Step-by-step explanation:

Let's use the definition of the Laplace transform and the identity given:\mathcal{L}[t \cos 5t]=(-1)F'(s) with F(s)=\mathcal{L}[\cos 5t].

Now, F(s)=\int_0 ^{+ \infty}e^{-st}\cos(5t) dt. Using integration by parts with u=e^(-st) and dv=cos(5t), we obtain that F(s)=\frac{1}{5}\sin(5t)e^{-st} |_{0}^{+\infty}+\frac{s}{5}\int_0 ^{+ \infty}e^{-st}\sin(5t) dt=\int_0 ^{+ \infty}e^{-st}\sin(5t) dt.
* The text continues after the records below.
(* The outer structural $\lambda$-calculus $\lambda j_{\tt out}$ enjoys PSN: every $\lambda$-term that is $\beta$-strongly normalizing is strongly normalizing for $\to_{\lambda j_{\tt out}}$.
   Context: $\lambda j$-terms are generated by $t,u::= x\mid \lambda x.t\mid t\,u\mid t[x/u]$; $\lambda x.t$ and $t[x/u]$ bind $x$ in $t$ (not in $u$), and terms are considered modulo $\alpha$-conversion. $\lambda$-terms are those without jumps. $\mathrm{fv}(t)$ is the set of free variables, $t\{x/u\}$ is capture-avoiding meta-level substitution, and $|t|_x$ is the number of free occurrences of $x$ in $t$. If $|t|_x=n\ge2$, $t_{[y]_x}$ denotes any term obtained from $t$ by replacing $k$ of the free occurrences of $x$ by a fresh variable $y$, for some $1\le k\le n-1$. ${\tt L}$ denotes a (possibly empty) list of jumps $[x_1/u_1]\dots[x_k/u_k]$. The calculus $\lambda j_{\tt out}$ has the following rules closed under all contexts: $({\tt dB})$ $(\lambda x.t){\tt L}\,u\to t[x/u]{\tt L}$ where no $x_i$ of ${\tt L}$ is free in $u$; $({\tt w})$ $t[x/u]\to t$ if $|t|_x=0$; $({\tt d})$ $t[x/u]\to t\{x/u\}$ if $|t|_x=1$; $({\tt c})$ $t[x/u]\to t_{[y]_x}[x/u][y/u]$ if $|t|_x\ge2$, $y$ fresh; $({\tt out}_1)$ $\lambda y.(t[x/u])\to(\lambda y.t)[x/u]$ if $y\notin\mathrm{fv}(u)$; $({\tt out}_2)$ $t[x/u]\,v\to(t\,v)[x/u]$ (with $x\notin\mathrm{fv}(v)$ by $\alpha$); $({\tt out}_3)$ $t\,(v[x/u])\to(t\,v)[x/u]$ (with $x\notin\mathrm{fv}(t)$ by $\alpha$); $({\tt out}_4)$ $t[y/v[x/u]]\to t[y/v][x/u]$ (with $x\notin\mathrm{fv}(t)$, $x\neq y$ by $\alpha$); all taken modulo $\equiv_{\tt CS}$, the smallest equivalence closed under contexts containing $t[x/s][y/v]\sim t[y/v][x/s]$ if $x\notin\mathrm{fv}(v)$ and $y\notin\mathrm{fv}(s)$. $\beta$-reduction is the contextual closure of $(\lambda x.t)u\to t\{x/u\}$. *)

(* lambda-j terms modulo alpha-conversion are represented with
   de Bruijn indices. *)
From Stdlib Require Import Arith List Relations.
Import ListNotations.

(* Var n | Lam t (binds 0 in t) | App t u | Sub t u = t[x/u] (binds 0 in t, not in u) *)
Inductive term : Type :=
| Var (n : nat)
| Lam (t : term)
| App (t u : term)
| Sub (t u : term).

Fixpoint is_lambda (t : term) : Prop :=
  match t with
  | Var _ => True
  | Lam t => is_lambda t
  | App t u => is_lambda t /\ is_lambda u
  | Sub _ _ => False
  end.

Definition upren (f : nat -> nat) (n : nat) : nat :=
  match n with 0 => 0 | S m => S (f m) end.

Fixpoint rename (f : nat -> nat) (t : term) : term :=
  match t with
  | Var n => Var (f n)
  | Lam t => Lam (rename (upren f) t)
  | App t u => App (rename f t) (rename f u)
  | Sub t u => Sub (rename (upren f) t) (rename f u)
  end.
Lemma Lambda_sign_near (I : R -> Prop) (f f1 f2 g g1 g2 : R -> R) (c t r : R) :
  is_interval I -> nondegenerate I -> I t -> 0 < r ->
  C2_on I f f1 f2 -> C2_on I g g1 g2 -> (forall s, I s -> 0 < g2 s) ->
  f2 t - c * g2 t <> 0 ->
  exists a b, I a /\ I b /\ a < b /\ Rabs (a - t) < r /\ Rabs (b - t) < r /\
    0 < (Lambda f g a b - c) * (f2 t - c * g2 t).
Proof.
  intros HI HInd It Hr Hf Hg Hpos Hne.
  assert (Hcont : continuous_within I (fun y => f2 y - c * g2 y) t)
    by (apply continuous_within_sub_scal; [apply Hf | apply Hg]; exact It).
  destruct (continuous_within_sign I _ t Hcont Hne) as [r' [Hr' Hsign]].
  destruct (points_near I t (Rmin r r') HI HInd It ltac:(apply Rmin_pos; lra))
    as [a [b [Ia [Ib [Hab [Ha Hb]]]]]].
  pose proof (Rmin_l r r'). pose proof (Rmin_r r r').
  destruct (Lambda_sub_mvt I f f1 f2 g g1 g2 c a b HI Ia Ib Hab Hf Hg Hpos)
    as [z [e [Hz [He Heq]]]].
  assert (Hzt : Rabs (z - t) < r') by (unfold Rabs in *; repeat destruct Rcase_abs; lra).
  specialize (Hsign z (HI a b z Ia Ib ltac:(lra)) Hzt).
  exists a, b. repeat split; try assumption; try lra.
  rewrite Heq. simpl in Hsign. nra.
Qed.

Lemma Lambda_between (I : R -> Prop) (f f1 f2 g g1 g2 : R -> R) (a b : R) :
  is_interval I -> I a -> I b -> a < b ->
  C2_on I f f1 f2 -> C2_on I g g1 g2 -> (forall t, I t -> 0 < g2 t) ->
  (forall t, I t -> f2 t = t * g2 t) ->
  a <= Lambda f g a b <= b.
Proof.
  intros HI Ia Ib Hab Hf Hg Hpos Heq.
  destruct (Lambda_sub_mvt I f f1 f2 g g1 g2 a a b HI Ia Ib Hab Hf Hg Hpos)
    as [z [e [Hz [He Ha]]]].
  destruct (Lambda_sub_mvt I f f1 f2 g g1 g2 b a b HI Ia Ib Hab Hf Hg Hpos)
    as [z' [e' [Hz' [He' Hb]]]].
  pose proof (Hpos z (HI a b z Ia Ib ltac:(lra))).
  pose proof (Hpos z' (HI a b z' Ia Ib ltac:(lra))).
  rewrite Heq in Ha, Hb by (apply (HI a b); auto; lra).
  (* Lambda - a = (z - a) g''(z) e >= 0  and  b - Lambda = (b - z') g''(z') e' >= 0 *)
  assert (0 <= (z - a) * g2 z * e) by (repeat apply Rmult_le_pos; lra).
  assert (0 <= (b - z') * g2 z' * e') by (repeat apply Rmult_le_pos; lra).
  split; nra.
Qed.

(* Otherwise pick c strictly between f''(t)/g''(t) and t and
   apply Lambda_sign_near within distance |t - c| of t. *)
Lemma f2_eq_of_Lambda_between (I : R -> Prop) (f f1 f2 g g1 g2 : R -> R) :
  is_interval I -> nondegenerate I ->
  C2_on I f f1 f2 -> C2_on I g g1 g2 -> (forall t, I t -> 0 < g2 t) ->
  (forall a b, I a -> I b -> a < b -> a <= Lambda f g a b <= b) ->
  forall t, I t -> f2 t = t * g2 t.
Proof.
  intros HI HInd Hf Hg Hg2 Hbd t It.
  destruct (Req_dec (f2 t) (t * g2 t)) as [Heq|Hne]; [exact Heq|exfalso].
  pose proof (Hg2 t It) as Hgt.
  (* c lies strictly between f''(t)/g''(t) and t *)
  set (c := (f2 t / g2 t + t) / 2).
  assert (Hh : f2 t - c * g2 t = (f2 t - t * g2 t) / 2) by (unfold c; field; lra).
  assert (Htc : (t - c) * (2 * g2 t) = t * g2 t - f2 t) by (unfold c; field; lra).
  assert (Hdist : 0 < Rabs (t - c)) by (apply Rabs_pos_lt; intro; nra).
  destruct (Lambda_sign_near I f f1 f2 g g1 g2 c t (Rabs (t - c)) HI HInd It
              Hdist Hf Hg Hg2 ltac:(rewrite Hh; lra))
    as [a [b [Ia [Ib [Hab [Ha [Hb Hsign]]]]]]].
  specialize (Hbd a b Ia Ib Hab). rewrite Hh in Hsign.
  apply Rabs_def2 in Ha as [_ Ha]. apply Rabs_def2 in Hb as [Hb _].
  destruct (Rlt_or_le (f2 t) (t * g2 t)) as [Hlt|Hge].
  - (* then c < a, yet Lambda < c *)
    assert (c < t) by nra.
    rewrite Rabs_right in Ha by lra.
    assert (Lambda f g a b - c < 0) by nra. lra.
  - (* then b < c, yet Lambda > c *)
    assert (t < c) by nra.
    rewrite Rabs_left in Hb by lra.
    assert (0 < Lambda f g a b - c) by nra. lra.
Qed.
(* Let $\mathtt L\in\{Y,Z\}$. As algebras of functions on $\mathcal C$ (on $\mathcal C^\circ$ if $\mathtt L=Z$), one has $\mathcal H_{\mathtt L}\subset\mathcal L_{\mathtt L}\subset\mathcal I_{\mathtt L}$.
   Context: Fix integers $m\ge2$, $n\ge1$, $\mathbf d=(d_0,\dots,d_{m-1})\in\mathbb N^m$ with $d_0\ge1$, $|\mathbf d|=\sum_sd_s$, and $\mathbf q=(q_0,\dots,q_{m-1})\in(\mathbb C^\times)^m$. Indices $s$ range over $\mathbb Z_m\cong\{0,\dots,m-1\}$; spin indices are pairs $(s,\alpha)$ with $1\le\alpha\le d_s$, totally ordered by $(s,\alpha)<(r,\beta)$ iff $s<r$, or $s=r$ and $\alpha<\beta$; $\rho:\{1,\dots,|\mathbf d|\}\to\{\text{spin indices}\}$ is the order-preserving bijection, and no spin index satisfies $(s,\alpha)\le\rho(0)$. $\mathcal M^\bullet$ is the variety of tuples $(X_s,Y_s,V_{s,\alpha},W_{s,\alpha})$ ($X_s,Y_s$ $n\times n$, $V_{s,\alpha}$ $1\times n$, $W_{s,\alpha}$ $n\times1$) with $\mathrm{Id}_n+X_sY_s$, $\mathrm{Id}_n+Y_sX_s$, $\mathrm{Id}_n+W_{s,\alpha}V_{s,\alpha}$ invertible and $1+V_{s,\alpha}W_{s,\alpha}\ne0$, with $\mathrm{GL}(n)^m$-action $g\cdot(X_s,Y_s,W_{s,\alpha},V_{s,\alpha})=(g_sX_sg_{s+1}^{-1},g_{s+1}Y_sg_s^{-1},g_sW_{s,\alpha},V_{s,\alpha}g_s^{-1})$. $X$ (resp. $Y$) is the $nm\times nm$ block matrix with $X_s$ in block $(s,s+1)$ (resp. $Y_s$ in block $(s+1,s)$); where $X$ is invertible, $Z=\sum_sZ_s$ with $Z_s=Y_s+X_s^{-1}$ in block $(s+1,s)$. $W_{s,\alpha}$ (resp. $V_{s,\alpha}$) is regarded as a column (resp. row) vector of length $nm$ supported in block $s$. $\mathcal C$ is the GIT quotient by $\mathrm{GL}(n)^m$ of the subvariety of $\mathcal M^\bullet$ defined by $(\mathrm{Id}_n+X_sY_s)(\mathrm{Id}_n+Y_{s-1}X_{s-1})^{-1}=q_s(\mathrm{Id}_n+W_{s,d_s}V_{s,d_s})\cdots(\mathrm{Id}_n+W_{s,1}V_{s,1})$ for all $s$; $\mathcal C^\circ$ is its open subset where $X$ is invertible. For $b\in\{0,\dots,|\mathbf d|\}$, $\Phi^{(b)}_s=(\mathrm{Id}_n+X_sY_s)(\mathrm{Id}_n+Y_{s-1}X_{s-1})^{-1}\prod^{\rightarrow}_{\alpha:(s,\alpha)\le\rho(b)}(\mathrm{Id}_n+W_{s,\alpha}V_{s,\alpha})^{-1}$ (increasing $\alpha$ left to right), $\Phi^{(b)}$ is the block diagonal matrix with blocks $\Phi^{(b)}_s$, and $\mathtt L^{(b)}=\Phi^{(b)}\mathtt L$. The algebras (of images in $\mathcal C$, resp. $\mathcal C^\circ$, of invariant functions) are: $\mathcal H_{\mathtt L}$ generated by $\operatorname{tr}(\mathtt L^k)$, $k\in\mathbb N$; $\mathcal L_{\mathtt L}$ generated by $\operatorname{tr}((\mathtt L^{(b)})^k)$, $k\in\mathbb N$, $0\le b\le|\mathbf d|$; $\mathcal I_{\mathtt L}$ generated by $\operatorname{tr}(\mathtt L^k)$ and $\operatorname{tr}(W_{s,\alpha}V_{r,\beta}\mathtt L^k)=V_{r,\beta}\mathtt L^kW_{s,\alpha}$, $k\in\mathbb N$, $(s,\alpha),(r,\beta)$ spin indices. *)

From HB Require Import structures.
From mathcomp Require Import all_boot all_order all_algebra.
From mathcomp Require Import Rstruct complex.
From Stdlib Require Import Rdefinitions.
Set Implicit Arguments. Unset Strict Implicit. Unset Printing Implicit Defensive.
Import Order.TTheory GRing.Theory Num.Theory.
Local Open Scope ring_scope.

Definition CC : numClosedFieldType := (Rdefinitions.R)[i].

Section Setup.
Variables (m n : nat) (d : 'I_m -> nat).

(* A point of the ambient affine space of tuples (X_s, Y_s, V_{s,a}, W_{s,a}).
   Spin indices (s,alpha) with 1 <= alpha <= d_s are encoded zero-based as
   (s, a) with a : 'I_(d s), alpha = a+1. *)
Record point := Point {
  pX : 'I_m -> 'M[CC]_n;
  pY : 'I_m -> 'M[CC]_n;
  pV : forall s : 'I_m, 'I_(d s) -> 'rV[CC]_n;
  pW : forall s : 'I_m, 'I_(d s) -> 'cV[CC]_n }.

Definition Nbig := (\sum_(s < m) n)%N.
Definition bmx (B : 'I_m -> 'I_m -> 'M[CC]_n) : 'M[CC]_Nbig :=
  @mxblock CC m m (fun _ => n) (fun _ => n) B.

Definition mxpow (A : 'M[CC]_Nbig) (k : nat) : 'M[CC]_Nbig :=
  iter k (mulmx A) 1%:M.

Definition succ (s : 'I_m) : 'I_m := ordS s.
Definition pred (s : 'I_m) : 'I_m := ord_pred s.

Definition bigX (p : point) : 'M[CC]_Nbig :=
  bmx (fun i j => if j == succ i then pX p i else 0).
Definition bigY (p : point) : 'M[CC]_Nbig :=
  bmx (fun i j => if i == succ j then pY p j else 0).
Definition bigZ (p : point) : 'M[CC]_Nbig :=
  bmx (fun i j => if i == succ j then pY p j + invmx (pX p j) else 0).

Definition bigW (p : point) (s : 'I_m) (a : 'I_(d s)) : 'M[CC]_(Nbig, 1) :=
  @mxcol CC m (fun _ => n) 1 (fun r => if r == s then pW p a else 0).
Definition bigV (p : point) (s : 'I_m) (a : 'I_(d s)) : 'M[CC]_(1, Nbig) :=
  @mxrow CC m (fun _ => n) 1 (fun r => if r == s then pV p a else 0).

Definition oprod (l : seq 'M[CC]_n) : 'M[CC]_n := foldr mulmx 1%:M l.

Definition IWV (p : point) (s : 'I_m) (a : 'I_(d s)) : 'M[CC]_n :=
  1%:M + pW p a *m pV p a.

(* The subvariety of M^bullet whose GIT quotient is C *)
Definition in_Mbullet (p : point) : Prop :=
  (forall s, (1%:M + pX p s *m pY p s) \in unitmx) /\
  (forall s, (1%:M + pY p s *m pX p s) \in unitmx) /\
  (forall s (a : 'I_(d s)), IWV p a \in unitmx) /\
  (forall s (a : 'I_(d s)), (1%:M + pV p a *m pW p a) 0 0 != 0).

Definition moment (q : 'I_m -> CC) (p : point) : Prop :=
  forall s : 'I_m,
    (1%:M + pX p s *m pY p s) *m invmx (1%:M + pY p (pred s) *m pX p (pred s))
    = q s *: oprod [seq IWV p a | a <- rev (enum 'I_(d s))].

Definition in_C (q : 'I_m -> CC) (p : point) : Prop := in_Mbullet p /\ moment q p.
Definition in_Ccirc (q : 'I_m -> CC) (p : point) : Prop :=
  in_C q p /\ bigX p \in unitmx.

(* position (0-based) of the spin index (s, a) in the total order; the
   spin indices (s,alpha) <= rho(b) are exactly those with pos < b. *)
Definition pos (s : 'I_m) (a : 'I_(d s)) : nat :=
  (\sum_(r < m | ltn r s) d r + nat_of_ord a)%N.

Definition Phis (b : nat) (p : point) (s : 'I_m) : 'M[CC]_n :=
  (1%:M + pX p s *m pY p s) *m invmx (1%:M + pY p (pred s) *m pX p (pred s))
  *m oprod [seq invmx (IWV p a) | a <- enum 'I_(d s) & ltn (@pos s a) b].

Definition Phi (b : nat) (p : point) : 'M[CC]_Nbig :=
  @mxdiag CC m (fun _ => n) (Phis b p).

Definition Lmx (isZ : bool) (p : point) : 'M[CC]_Nbig :=
  if isZ then bigZ p else bigY p.
Definition Lb (isZ : bool) (b : nat) (p : point) : 'M[CC]_Nbig :=
  Phi b p *m Lmx isZ p.

Definition dom (isZ : bool) (q : 'I_m -> CC) : point -> Prop :=
  if isZ then in_Ccirc q else in_C q.

Definition genH (isZ : bool) (f : point -> CC) : Prop :=
  exists k : nat, f = fun p => \tr (mxpow (Lmx isZ p) k).
Definition genL (isZ : bool) (f : point -> CC) : Prop :=
  exists (k b : nat), leq b (\sum_(s < m) d s)%N /\
    f = fun p => \tr (mxpow (Lb isZ b p) k).
Definition genI (isZ : bool) (f : point -> CC) : Prop :=
  (exists k : nat, f = fun p => \tr (mxpow (Lmx isZ p) k)) \/
  (exists (k : nat) (s : 'I_m) (a : 'I_(d s)) (r : 'I_m) (b : 'I_(d r)),
     f = fun p => \tr (bigW p a *m bigV p b *m mxpow (Lmx isZ p) k)).

End Setup.

(* The subalgebra (over CC) generated by a family G of functions, inside the
   algebra of functions on the set D (functions are identified when they agree
   on D). *)
Inductive gen_alg (T : Type) (D : T -> Prop) (G : (T -> CC) -> Prop)
  : (T -> CC) -> Prop :=
| ga_gen f : G f -> gen_alg D G f
| ga_cst (c : CC) : gen_alg D G (fun _ => c)
| ga_add f g : gen_alg D G f -> gen_alg D G g -> gen_alg D G (fun x => f x + g x)
| ga_mul f g : gen_alg D G f -> gen_alg D G g -> gen_alg D G (fun x => f x * g x)
| ga_ext f g : gen_alg D G f -> (forall x, D x -> f x = g x) -> gen_alg D G g.

Definition alg_incl (T : Type) (D : T -> Prop) (G1 G2 : (T -> CC) -> Prop) : Prop :=
  forall f, gen_alg D G1 f -> gen_alg D G2 f.

From HB Require Import structures.
From mathcomp Require Import all_boot all_order all_algebra.
From mathcomp Require Import Rstruct complex.
Set Implicit Arguments. Unset Strict Implicit. Unset Printing Implicit Defensive.
Import GRing.Theory.
Local Open Scope ring_scope.

(* Write L^(b) = Phi^(b) L.  On C the moment map equation gives
   Phi^(b)_s = q_s * prod (Id + W_a V_a) over the spins a of block s that are
   not below rho(b) (in decreasing order).  Hence, with Q = diag(q_s Id),
     L^(b) = Q L + (finite sum of c * W_i (V_j L)),
   whose coefficients c are polynomials in the pairings V W, which are
   generators of I_L.
   Then H ⊂ L uses b = |d|, and L ⊂ I is the perturbation principle for A = Q L. *)

Lemma mx11_mul (x y : 'M[CC]_1) : (x *m y) 0 0 = x 0 0 * y 0 0.
Proof. by rewrite mxE big_ord1. Qed.

Lemma col_mul11 k (w : 'cV[CC]_k) (s : 'M[CC]_1) : w *m s = s 0 0 *: w.
Proof. by rewrite {1}(mx11_scalar s) mul_mx_scalar. Qed.

Lemma mxpowD m n (A : 'M[CC]_(Nbig m n)) i j :
  mxpow A (i + j) = mxpow A i *m mxpow A j.
Proof.
elim: i => [|i IH]; first by rewrite add0n mul1mx.
by rewrite addSn /= -/(mxpow A (i + j)) IH mulmxA.
Qed.

Lemma mxpowSr m n (A : 'M[CC]_(Nbig m n)) k : mxpow A k.+1 = mxpow A k *m A.
Proof. by rewrite -addn1 mxpowD /= mulmx1. Qed.

Section GeneratedAlgebra.
Variables (T : Type) (D : T -> Prop) (G : (T -> CC) -> Prop).
Notation Alg := (gen_alg D G).

Lemma alg_scale (c : CC) f : Alg f -> Alg (fun p => c * f p).
Proof. by move=> h; apply: ga_mul => //; apply: ga_cst. Qed.

Lemma alg_incl_of (G' : (T -> CC) -> Prop) :
  (forall f, G f -> gen_alg D G' f) -> alg_incl D G G'.
Proof.
move=> h f; elim => {f} [f /h //|c|f g _ hf _ hg|f g _ hf _ hg|f g _ hf e].
- exact: ga_cst.
- exact: ga_add.
- exact: ga_mul.
- exact: ga_ext hf e.
Qed.

End GeneratedAlgebra.

Section LowRank.
Variables (T : Type) (D : T -> Prop) (G : (T -> CC) -> Prop).
Notation Alg := (gen_alg D G).
Variables (m n : nat) (I : Type).
Notation N := (Nbig m n).
Variables (ww : I -> T -> 'cV[CC]_N) (vv : I -> T -> 'rV[CC]_N).

Inductive lowrank : (T -> 'M[CC]_N) -> Prop :=
| lowrank0 F : (forall p, D p -> F p = 0) -> lowrank F
| lowrank_cons c i j F F' : Alg c -> lowrank F ->
    (forall p, D p -> F' p = c p *: (ww i p *m vv j p) + F p) -> lowrank F'.

Lemma lowrank_ext F F' : lowrank F -> (forall p, D p -> F p = F' p) -> lowrank F'.
Proof.
case=> [F0 h0|c i j F1 F0 hc h1 e] e'.
  by apply: lowrank0 => p Dp; rewrite -e' ?h0.
by apply: (lowrank_cons (i:=i) (j:=j) hc h1) => p Dp; rewrite -e' ?e.
Qed.

Lemma lowrank_add F F' : lowrank F -> lowrank F' -> lowrank (fun p => F p + F' p).
Proof.
move=> hF hF'; elim: hF => [F0 h0|c i j F1 F0 hc _ IH e].
  by apply: (lowrank_ext hF') => p Dp; rewrite h0 // add0r.
by apply: (lowrank_cons (i:=i) (j:=j) hc IH) => p Dp; rewrite e // addrA.
Qed.

Lemma lowrank_scale (a : CC) F : lowrank F -> lowrank (fun p => a *: F p).
Proof.
elim=> [F0 h0|c i j F1 F0 hc _ IH e].
  by apply: lowrank0 => p Dp; rewrite h0 ?scaler0.
apply: (lowrank_cons (i:=i) (j:=j) (alg_scale a hc) IH) => p Dp.
by rewrite e // scalerDr scalerA.
Qed.
Lemma run_stopped_or_refined g : (0 < d)%N ->
  ~~ running eps (run g) \/ refined g (run g).
Proof.
move=> d_gt0; elim: g => [|g IH].
  by right => e; rewrite inE => /eqP-> /=; rewrite expr0 mul1r.
rewrite /Defs.run iterS -/(run g) /step.
case: ifP => [running_g|/negbT]; last by left.
case: IH => [|ref]; first by rewrite running_g.
right; rewrite nextE /= => e' e'_out; split; last first.
  by apply: fold_proc_ub_le_sample e'_out.
case: (mem_fold_proc e'_out) => [//|[e eL /mapP[C' C'e ->]]] /=.
apply: le_trans (hw_sum_child_le d_gt0 longest C'e) _.
have /andP[c_ge0 _] := contraction_ge0_lt1 d_gt0.
by rewrite exprS -mulrA ler_wpM2l //; have [] := ref e eL.
Qed.

Lemma refined_stopped g s (psi : R -> R) del : sound s -> refined g s ->
  (forall r, 0 <= r -> r < del -> psi r < eps) ->
  (forall C, subcube C0 C -> ((f (xr C))%:E - qlb C <= (psi (cube_radius C))%:E)%E) ->
  contraction ^+ g * hw_sum C0 < del -> ~~ running eps s.
Proof.
move=> [entries _ lbE _] ref psi_small qlb_psi fine; apply: not_running_of_lb.
rewrite lbE big_seq; apply: le_bigmin => [|e eL]; first exact: leey.
have [-> subC] := entries _ eL; have [hw_le ub_le] := ref _ eL.
have psi_lt : psi (cube_radius e.1) < eps.
  apply: psi_small; first exact: sqrtr_ge0.
  exact: le_lt_trans (radius_le_hw_sum subC.1) (le_lt_trans hw_le fine).
have := qlb_psi _ subC; case: (qlb e.1) => [q| |] //=; last by rewrite leey.
by rewrite !lee_fin => ?; lra.
Qed.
Using integration by parts again with u=e^(-st) and dv=sin(5t), we obtain that

F(s)=\frac{s}{5}(\frac{-1}{5}\cos(5t)e^{-st} |_{0}^{+\infty}-\frac{s}{5}\int_0 ^{+ \infty}e^{-st}\sin(5t) dt)=\frac{s}{5}(\frac{1}{5}-\frac{s}{5}\int_0^{+ \infty}e^{-st}\sin(5t) dt)=\frac{s}{5}-\frac{s^2}{25}F(s).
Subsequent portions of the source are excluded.